[ExI] Are Limited Lifespans An Evolutionary Adaptation? (BillK)
hkeithhenson at gmail.com
Fri Jun 19 14:42:09 UTC 2015
On Fri, Jun 19, 2015 at 5:00 AM, BillK <pharos at gmail.com> wrote:
> The simulation shows "evolution favors shorter lifespans in
> environments where resources are scarce and when pressures to
> procreate are particularly intense".
That's not surprising, but what is known with small stature races
(pigmies) is that the growth process is chopped off by early sexual
maturity. Apparently the environment they are in kills them at a rate
that requires early reproduction.
> That might well not be the
> complete answer. But traits that benefit species survival rather than
> individuals seem likely.
This has been logically dismissed by Dawkins and company back in the
70s. Genes induce individuals to things that result in the survival
and propagation of genes. End of story.
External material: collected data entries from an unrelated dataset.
(* The variety $\mathsf{V}(S_{(4,411)})$ is the ai-semiring variety defined by the identities $xy\approx xy+x$, $x+yx\approx x+yx+xy$, $x_1x_2x_3\approx x_1x_2x_3+x_4$, $x_1x_2+x_3x_4\approx x_1x_2+x_3x_4+x_1x_3$, $x_1x_2+x_3x_4\approx x_1x_2+x_3x_4+x_1x_4$.
   Context: An ai-semiring is an algebra $(S,+,\cdot)$ with $(S,+)$ a semilattice, $(S,\cdot)$ a semigroup, and both distributive laws. $\mathsf{V}(S)$ is the variety generated by $S$; ''the ai-semiring variety defined by identities $\Sigma$'' is the class of all ai-semirings satisfying $\Sigma$. $S_{(4,411)}$ has carrier $\{1,2,3,4\}$; addition: $x+x=x$, $2+x=x$, $1+x=1$ for all $x$, $3+4=1$; multiplication (row $a$, column $b$ gives $a\cdot b$): row $1$: $1,1,1,1$; row $2$: $1,3,1,3$; row $3$: $1,1,1,1$; row $4$: $1,1,1,1$. *)

Record aiSemiring := AiSemiring {
  carrier :> Type;
  sadd : carrier -> carrier -> carrier;
  smul : carrier -> carrier -> carrier;
  sadd_assoc : forall x y z, sadd x (sadd y z) = sadd (sadd x y) z;
  sadd_comm : forall x y, sadd x y = sadd y x;
  sadd_idem : forall x, sadd x x = x;
  smul_assoc : forall x y z, smul x (smul y z) = smul (smul x y) z;
  smul_distl : forall x y z, smul x (sadd y z) = sadd (smul x y) (smul x z);
  smul_distr : forall x y z, smul (sadd x y) z = sadd (smul x z) (smul y z)
}.

Inductive S4 : Type := e1 | e2 | e3 | e4.

Definition S411_add (a b : S4) : S4 :=
  match a, b with
  | e1, _ => e1
  | _, e1 => e1
  | e2, y => y
  | x, e2 => x
  | e3, e3 => e3
  | e4, e4 => e4
  | e3, e4 => e1
  | e4, e3 => e1
  end.

Definition S411_mul (a b : S4) : S4 :=
  match a, b with
  | e2, e2 => e3
  | e2, e4 => e3
  | _, _ => e1
  end.

(** Membership in V(S_(4,411)) = HSP(S_(4,411)):
    A is a homomorphic image of a subalgebra of a direct power S_(4,411)^I. *)
Definition in_V_S411 (A : aiSemiring) : Prop :=
  exists (I : Type) (P : (I -> S4) -> Prop),
    (forall f g, P f -> P g -> P (fun i => S411_add (f i) (g i))) /\
    (forall f g, P f -> P g -> P (fun i => S411_mul (f i) (g i))) /\
    exists h : {f : I -> S4 | P f} -> carrier A,
      (forall a : carrier A, exists u, h u = a) /\
      (forall u v (Huv : P (fun i => S411_add (proj1_sig u i) (proj1_sig v i))),
          h (exist _ _ Huv) = sadd A (h u) (h v)) /\
      (forall u v (Huv : P (fun i => S411_mul (proj1_sig u i) (proj1_sig v i))),
          h (exist _ _ Huv) = smul A (h u) (h v)).

Definition satisfies_Sigma (A : aiSemiring) : Prop :=
  let add := sadd A in let mul := smul A in
  (forall x y : A, mul x y = add (mul x y) x) /\
  (forall x y : A, add x (mul y x) = add (add x (mul y x)) (mul x y)) /\
  (forall x1 x2 x3 x4 : A,
      mul (mul x1 x2) x3 = add (mul (mul x1 x2) x3) x4) /\
  (forall x1 x2 x3 x4 : A,
      add (mul x1 x2) (mul x3 x4) = add (add (mul x1 x2) (mul x3 x4)) (mul x1 x3)) /\
  (forall x1 x2 x3 x4 : A,
      add (mul x1 x2) (mul x3 x4) = add (add (mul x1 x2) (mul x3 x4)) (mul x1 x4)).

From Stdlib Require Import List Lia ClassicalEpsilon FunctionalExtensionality ProofIrrelevance.
Import ListNotations.

(* Each identity of Sigma holds in S_(4,411) and identities pass to homomorphic
   images of subalgebras of direct powers.  Conversely, an ai-semiring A is a
   homomorphic image of the algebra of S_(4,411)-term functions over A, so it is
   enough that A satisfies every identity of S_(4,411).  A term is the join of
   the words of its expansion, so one needs: if a word w lies below a term u in
   S_(4,411), it does so in A.  If u has a word of length at least 3, then u is
   the top element of A by x1x2x3 = x1x2x3 + x4.  Otherwise, valuations sending
   one variable to 3 or 4 and all others to 2 keep every word of u below 3 unless
   u contains suitable words of length at most 2; these words are exactly what
   the remaining identities need to bound w in A. *)

Definition ai_le (R : aiSemiring) (a b : R) : Prop := sadd R a b = b.

Section Order.
Variable R : aiSemiring.

Lemma ai_le_refl a : ai_le R a a.
Proof. apply sadd_idem. Qed.

Lemma ai_le_trans a b c : ai_le R a b -> ai_le R b c -> ai_le R a c.
Proof. unfold ai_le; intros Hab Hbc. rewrite <- Hbc, sadd_assoc, Hab. reflexivity. Qed.

Lemma ai_le_addl a b : ai_le R a (sadd R a b).
Proof. unfold ai_le. rewrite sadd_assoc, sadd_idem. reflexivity. Qed.

Lemma ai_le_addr a b : ai_le R b (sadd R a b).
Proof. rewrite sadd_comm. apply ai_le_addl. Qed.

Lemma ai_le_add_lub a b c : ai_le R a c -> ai_le R b c -> ai_le R (sadd R a b) c.
Proof. unfold ai_le; intros Hac Hbc. rewrite <- sadd_assoc, Hbc, Hac. reflexivity. Qed.

Lemma ai_le_antisym a b : ai_le R a b -> ai_le R b a -> a = b.
Proof. unfold ai_le; intros Hab Hba. rewrite <- Hab, sadd_comm. exact (eq_sym Hba). Qed.

Lemma ai_le_mul2l a b c : ai_le R a b -> ai_le R (smul R c a) (smul R c b).
Proof. unfold ai_le; intros Hab. rewrite <- smul_distl, Hab. reflexivity. Qed.

Lemma ai_le_mul2r a b c : ai_le R a b -> ai_le R (smul R a c) (smul R b c).
Proof. unfold ai_le; intros Hab. rewrite <- smul_distr, Hab. reflexivity. Qed.

Lemma ai_le_of_absorb a b : a = sadd R a b -> ai_le R b a.
Proof. unfold ai_le; intros Hab. rewrite sadd_comm. exact (eq_sym Hab). Qed.

End Order.

Inductive term (X : Type) : Type :=
| Var : X -> term X
| Add : term X -> term X -> term X
| Mul : term X -> term X -> term X.
Arguments Var {X}.
Arguments Add {X}.
Arguments Mul {X}.

Fixpoint eval (R : aiSemiring) {X : Type} (v : X -> R) (t : term X) : R :=
  match t with
  | Var x => v x
  | Add t u => sadd R (eval R v t) (eval R v u)
  | Mul t u => smul R (eval R v t) (eval R v u)
  end.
Our social nature seems to
lead us to account for the world in terms of "traits that benefit
species survival" but this completely fails to pass a logical
examination. "Hamilton's rule" does not change this.
> Assuming a species had a very long lifespan, then what might the results be?
> Reproduction beyond the capacity of the environment to support them is
> obvious, (boom and bust) so that would be a limiting factor. Long-life
> species would grow to match their environment and become slow
> reproducers, so they would have less evolution. A change in the
> environment would wipe them out.
"Reproduction beyond the capacity" is just a feature of living things,
rabbits, elephants and humans alike. If they did not have excess
reproductive capacity, they would not recover from an environmental
> In the continually changing early world environment, there would be no
> evolutionary benefit to very long lifespan.
That's not the case for humans, and it seems possible that relatively
rare events where the very old knew what could be eaten in a famine
drove humans living into an advance age where their knowledge was
critical to the survival of their close relatives. Another factor is
grandmothers directly contributing to raising children.
> Now that we are finding
> genes that appear to affect ageing, we may soon be able to switch
> these genes off and extend lifespan.
That may be true regardless of the origin.